Default readahead is already small for random patterns.
* **MADV_WILLNEED prefetch** is the clear winner on both backends, but the
benefit is dramatically larger on NVMe: **150K ops/s** (12× baseline) vs
3.6K (1.7× baseline) on EBS. NVMe's low latency means the prefetch thread
can keep the I/O pipeline full — most pages are already resident by the time
the reader reaches them.
* **batch128+WILLNEED** achieves sub-microsecond p50 on both backends, but
NVMe sustains **137K ops/s** vs 3.8K on EBS.
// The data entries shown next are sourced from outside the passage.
(* (i) If $r+s=0$, then $a^*_i=\frac{d-r}{2}$ for $0\le i\le d-1$ and $a^*_d=\frac{d(r+1)}{2}$. (ii) If $r-s=0$, then $a^*_i=\frac d2$ for $0\le i\le d$.
   Context: Fix an integer $d\ge0$ and $r,s\in(-1,\infty)$. Write $(x)_i=x(x+1)\cdots(x+i-1)$, $(x)_0=1$. For $0\le i\le d$ put $\theta^*_i=i$. Put $b^*_i=\frac{(d-i)(i-d-s)(2d-2i+r+s+2)_i}{(2d-2i+r+s)_{i+1}}$ ($0\le i\le d-1$), $c^*_i=\frac{i(i-d-r-1)(d-i+r+s+1)_{d-i}}{(d-i+r+s+2)_{d-i+1}}$ ($1\le i\le d$), $b^*_d=c^*_0=0$, and $a^*_i=\theta^*_0-b^*_i-c^*_i$ for $0\le i\le d$. *)

From HB Require Import structures.
From mathcomp Require Import all_boot all_order all_algebra.
Set Implicit Arguments. Unset Strict Implicit. Unset Printing Implicit Defensive.
Import Order.TTheory GRing.Theory Num.Theory.
Local Open Scope ring_scope.

Definition poch (R : pzRingType) (x : R) (i : nat) : R :=
  \prod_(k < i) (x + k%:R).

Definition thetastar (R : pzRingType) (i : nat) : R := i%:R.

Definition bstar (R : fieldType) (d : nat) (r s : R) (i : nat) : R :=
  if (i < d)%N then
    ((d%:R - i%:R) * (i%:R - d%:R - s)
       * poch (2 * d%:R - 2 * i%:R + r + s + 2) i)
    / poch (2 * d%:R - 2 * i%:R + r + s) i.+1
  else 0.

Definition cstar (R : fieldType) (d : nat) (r s : R) (i : nat) : R :=
  if (0 < i <= d)%N then
    (i%:R * (i%:R - d%:R - r - 1)
       * poch (d%:R - i%:R + r + s + 1) (d - i))
    / poch (d%:R - i%:R + r + s + 2) (d - i).+1
  else 0.

Definition astar (R : fieldType) (d : nat) (r s : R) (i : nat) : R :=
  thetastar R 0 - bstar d r s i - cstar d r s i.

From HB Require Import structures.
From mathcomp Require Import all_boot all_order all_algebra.
From mathcomp Require Import ring lra.
Import Order.TTheory GRing.Theory Num.Theory.
Local Open Scope ring_scope.

(* For i < d the Pochhammer quotients in b*_i and c*_i telescope to rational
   functions of low degree: with x = 2(d-i) + r + s,
     b*_i = (d-i)(i-d-s)(x+i+1) / (x(x+1)),
     c*_i = i(i-d-r-1)(d-i+r+s+1) / ((x+1)(x+2)),
   while a*_d = d(r+1)/(r+s+2).  When r + s = 0 or r = s, the denominators of
   a*_i = -b*_i - c*_i cancel and a*_i no longer depends on i. *)

Lemma poch_recl (R : pzRingType) (x : R) n : poch x n.+1 = x * poch (x + 1) n.
Proof.
rewrite /poch big_ord_recl addr0; congr (_ * _).
by apply: eq_bigr => k _; rewrite /bump /= -nat1r addrA.
Qed.

Lemma poch_recr (R : pzRingType) (x : R) n : poch x n.+1 = poch x n * (x + n%:R).
Proof. by rewrite /poch big_ord_recr. Qed.

Lemma poch_gt0 (R : numDomainType) (x : R) n : 0 < x -> 0 < poch x n.
Proof. by move=> x_gt0; apply: prodr_gt0 => k _; apply: ltr_wpDr. Qed.

Lemma poch_ratio_shift2 (F : fieldType) (x : F) i :
  poch x i.+1 != 0 -> x * (x + 1) != 0 ->
  poch (x + 2) i / poch x i.+1 = (x + i.+1%:R) / (x * (x + 1)).
Proof.
move=> poch_neq0 x_neq0; apply/eqP; rewrite eqr_div //; apply/eqP.
rewrite mulrC [RHS]mulrC -poch_recr poch_recl poch_recl.
by rewrite mulrA -addrA.
Qed.

Lemma poch_ratio_shift1 (F : fieldType) (y : F) m :
  poch (y + 1) m.+1 != 0 -> (y + m%:R) * (y + m.+1%:R) != 0 ->
  poch y m / poch (y + 1) m.+1 = y / ((y + m%:R) * (y + m.+1%:R)).
Proof.
move=> poch_neq0 den_neq0; apply/eqP; rewrite eqr_div //; apply/eqP.
rewrite mulrA -poch_recr poch_recl poch_recr -mulrA; congr (_ * (_ * _)).
by rewrite -nat1r addrA.
Qed.

Lemma natrB_ge1 (R : numDomainType) {i d : nat} : (i < d)%N -> 1 <= d%:R - i%:R :> R.
Proof. by move=> lt_id; rewrite lerBrDl natr1 ler_nat. Qed.

Section DualIntersectionNumbers.
Variables (R : realFieldType) (d : nat) (r s : R).

Lemma bstar_lt i : -2 < r + s -> (i < d)%N ->
  bstar d r s i =
  (d%:R - i%:R) * (i%:R - d%:R - s) * (2 * d%:R - 2 * i%:R + r + s + i.+1%:R)
  / ((2 * d%:R - 2 * i%:R + r + s) * (2 * d%:R - 2 * i%:R + r + s + 1)).
Proof.
move=> rs_gt lt_id; rewrite /bstar lt_id.
have x_gt0 : 0 < 2 * d%:R - 2 * i%:R + r + s.
  by have ge1 := natrB_ge1 R lt_id; lra.
set x := 2 * d%:R - 2 * i%:R + r + s in x_gt0 *.
rewrite -mulrA poch_ratio_shift2 ?mulrA // ?gt_eqF ?poch_gt0 ?mulr_gt0 //.
by rewrite ltr_wpDr.
Qed.

Lemma cstar_lt i : -2 < r + s -> (i < d)%N ->
  cstar d r s i =
  i%:R * (i%:R - d%:R - r - 1) * (d%:R - i%:R + r + s + 1)
  / ((2 * d%:R - 2 * i%:R + r + s + 1) * (2 * d%:R - 2 * i%:R + r + s + 2)).
Proof.
case: i => [|i] rs_gt lt_id; first by rewrite /cstar !mul0r.
rewrite /cstar /= (ltnW lt_id).
have m_eq : (d - i.+1)%:R = d%:R - i.+1%:R :> R by rewrite natrB // ltnW.
have -> : d%:R - i.+1%:R + r + s + 2 = d%:R - i.+1%:R + r + s + 1 + 1 :> R.
  by ring.
have y_gt0 : 0 < d%:R - i.+1%:R + r + s + 1.
  by have ge1 := natrB_ge1 R lt_id; lra.
set y := d%:R - i.+1%:R + r + s + 1 in y_gt0 *.
have y_pos k : 0 < y + k%:R by rewrite ltr_wpDr.
rewrite -mulrA poch_ratio_shift1; first last.
- by rewrite gt_eqF ?mulr_gt0.
- by rewrite gt_eqF // poch_gt0 // (y_pos 1).
rewrite mulrA; congr (_ / _).
by rewrite -natr1 m_eq /y; ring.
Qed.

Lemma astar_last : -2 < r + s -> astar d r s d = d%:R * (r + 1) / (r + s + 2).
Proof.
move=> rs_gt; rewrite /astar /bstar /cstar ltnn leqnn andbT subnn /thetastar.
rewrite /poch big_ord0 big_ord1 /= !subrr !add0r addr0 mulr1.
case: d => [|n] /=; first by rewrite oppr0 !mul0r.
by field; rewrite gt_eqF //; lra.
Qed.

Lemma astar_lt i : -2 < r + s -> (i < d)%N ->
  astar d r s i =
  - ((d%:R - i%:R) * (i%:R - d%:R - s) * (2 * d%:R - 2 * i%:R + r + s + i.+1%:R)
     / ((2 * d%:R - 2 * i%:R + r + s) * (2 * d%:R - 2 * i%:R + r + s + 1)))
  - i%:R * (i%:R - d%:R - r - 1) * (d%:R - i%:R + r + s + 1)
     / ((2 * d%:R - 2 * i%:R + r + s + 1) * (2 * d%:R - 2 * i%:R + r + s + 2)).
Proof. by move=> rs_gt lt_id; rewrite /astar bstar_lt ?cstar_lt // sub0r. Qed.

End DualIntersectionNumbers.

Theorem lemma2p7 (R : realFieldType) (d : nat) (r s : R) :
  -1 < r -> -1 < s ->
  (r + s = 0 ->
     (forall i : nat, (i < d)%N -> astar d r s i = (d%:R - r) / 2) /\
     astar d r s d = d%:R * (r + 1) / 2) /\
  (r - s = 0 ->
     forall i : nat, (i <= d)%N -> astar d r s i = d%:R / 2).
Proof.
move=> r_gt s_gt; have rs_gt : -2 < r + s by lra.
split=> [rs0 | rs_eq].
- have s_eq : s = - r by lra.
  split=> [i lt_id|]; last by rewrite astar_last // rs0 add0r.
  have ge1 := natrB_ge1 R lt_id.
  by rewrite astar_lt // s_eq -natr1; field; rewrite !gt_eqF //; lra.
- have s_eq : s = r by lra.
  move=> i; rewrite leq_eqVlt => /predU1P [-> | lt_id].
  + by rewrite astar_last // s_eq; field; rewrite gt_eqF //; lra.
  + have ge1 := natrB_ge1 R lt_id.
    by rewrite astar_lt // s_eq -natr1; field; rewrite !gt_eqF //; lra.
Qed.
* **MADV_RANDOM + prefetch at 8 threads** reaches **241K ops/s** on NVMe
(19× baseline), approaching the all-resident rate. On EBS the same strategy
managed 7K ops/s with a 263 ms max — the network round-trip dominates.
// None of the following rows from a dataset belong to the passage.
Definition closed_vset (K : set Vec) : Prop :=
  forall x, (forall e, 0 < e -> exists2 y, K y & vdist x y < e) -> K x.
Definition convex_vset (K : set Vec) : Prop :=
  forall x y a, K x -> K y -> 0 <= a <= 1 ->
    K (vadd (vscale a x) (vscale (1 - a) y)).
Definition is_diameter (K : set Vec) (D : R) : Prop :=
  (forall x y, K x -> K y -> vdist x y <= D) /\
  (forall e, 0 < e -> exists x y, [/\ K x, K y & D - e < vdist x y]).
Definition is_proj (K : set Vec) (x p : Vec) : Prop :=
  K p /\ forall y, K y -> vdist x p <= vdist x y.

Definition has_gradient_at (f : Vec -> R) (w g : Vec) : Prop :=
  forall e, 0 < e -> exists2 del, 0 < del & forall h, vnorm h < del ->
    `|f (vadd w h) - f w - vdot g h| <= e * vnorm h.

Definition holder_on (K : set Vec) (L lam : R) (f : Vec -> Vec) : Prop :=
  forall w w', K w -> K w' -> vdist (f w) (f w') <= L * (vdist w w') `^ lam.
End Vec.

Definition gfun (R : realType) (lam M x : R) : R := x + M * x `^ lam.

Fixpoint Dseq (R : realType) (lam eta L C : R) (n : nat) (t : nat) : R :=
  match t with
  | 0 => 0
  | t'.+1 => Num.min (gfun lam (eta * L) (Dseq lam eta L C n t') + 2 * eta * C / n%:R)
                     (Dseq lam eta L C n t' + 2 * eta * C)
  end.

Fixpoint noisy_sgd (R : realType) (d n : nat) (T : Type)
    (proj : Vec R d -> Vec R d) (grads : 'I_n -> Vec R d -> Vec R d)
    (eta C : R) (G : nat -> T -> Vec R d) (w0 : Vec R d) (t : nat) (om : T)
    : Vec R d :=
  match t with
  | 0 => w0
  | t'.+1 =>
      let w := noisy_sgd proj grads eta C G w0 t' om in
      proj (vadd (vsub w (vscale (eta / n%:R)
                   (\big[@vadd R d / vzero R d]_(i < n) clipB C (grads i w))))
                 (G t' om))
  end.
* No strategy degrades the all-fits case (~1.5M ops/s at 1 thread on NVMe).
**Takeaway**: NVMe instance storage transforms swap from "emergency fallback"
to a viable tier. With prefetch, swapped data on NVMe approaches DRAM
throughput for batch workloads. EBS swap is only practical for cold data
that is rarely accessed.
These results motivate the `prefetch_hint` API: callers who know their access
pattern can issue MADV_WILLNEED on specific page ranges ahead of time.
## THP configuration
Check:
```sh
cat /sys/kernel/mm/transparent_hugepage/enabled
```
* `always` — THP on all anonymous mappings (lgalloc and sysalloc both benefit)
* `madvise` — THP only for regions with MADV_HUGEPAGE (lgalloc benefits, sysalloc does not)
* `never` — no THP (lgalloc's MADV_HUGEPAGE hint is a no-op, warns once)
The `sysalloc+nohuge` variants force 4K pages via MADV_NOHUGEPAGE regardless of this setting.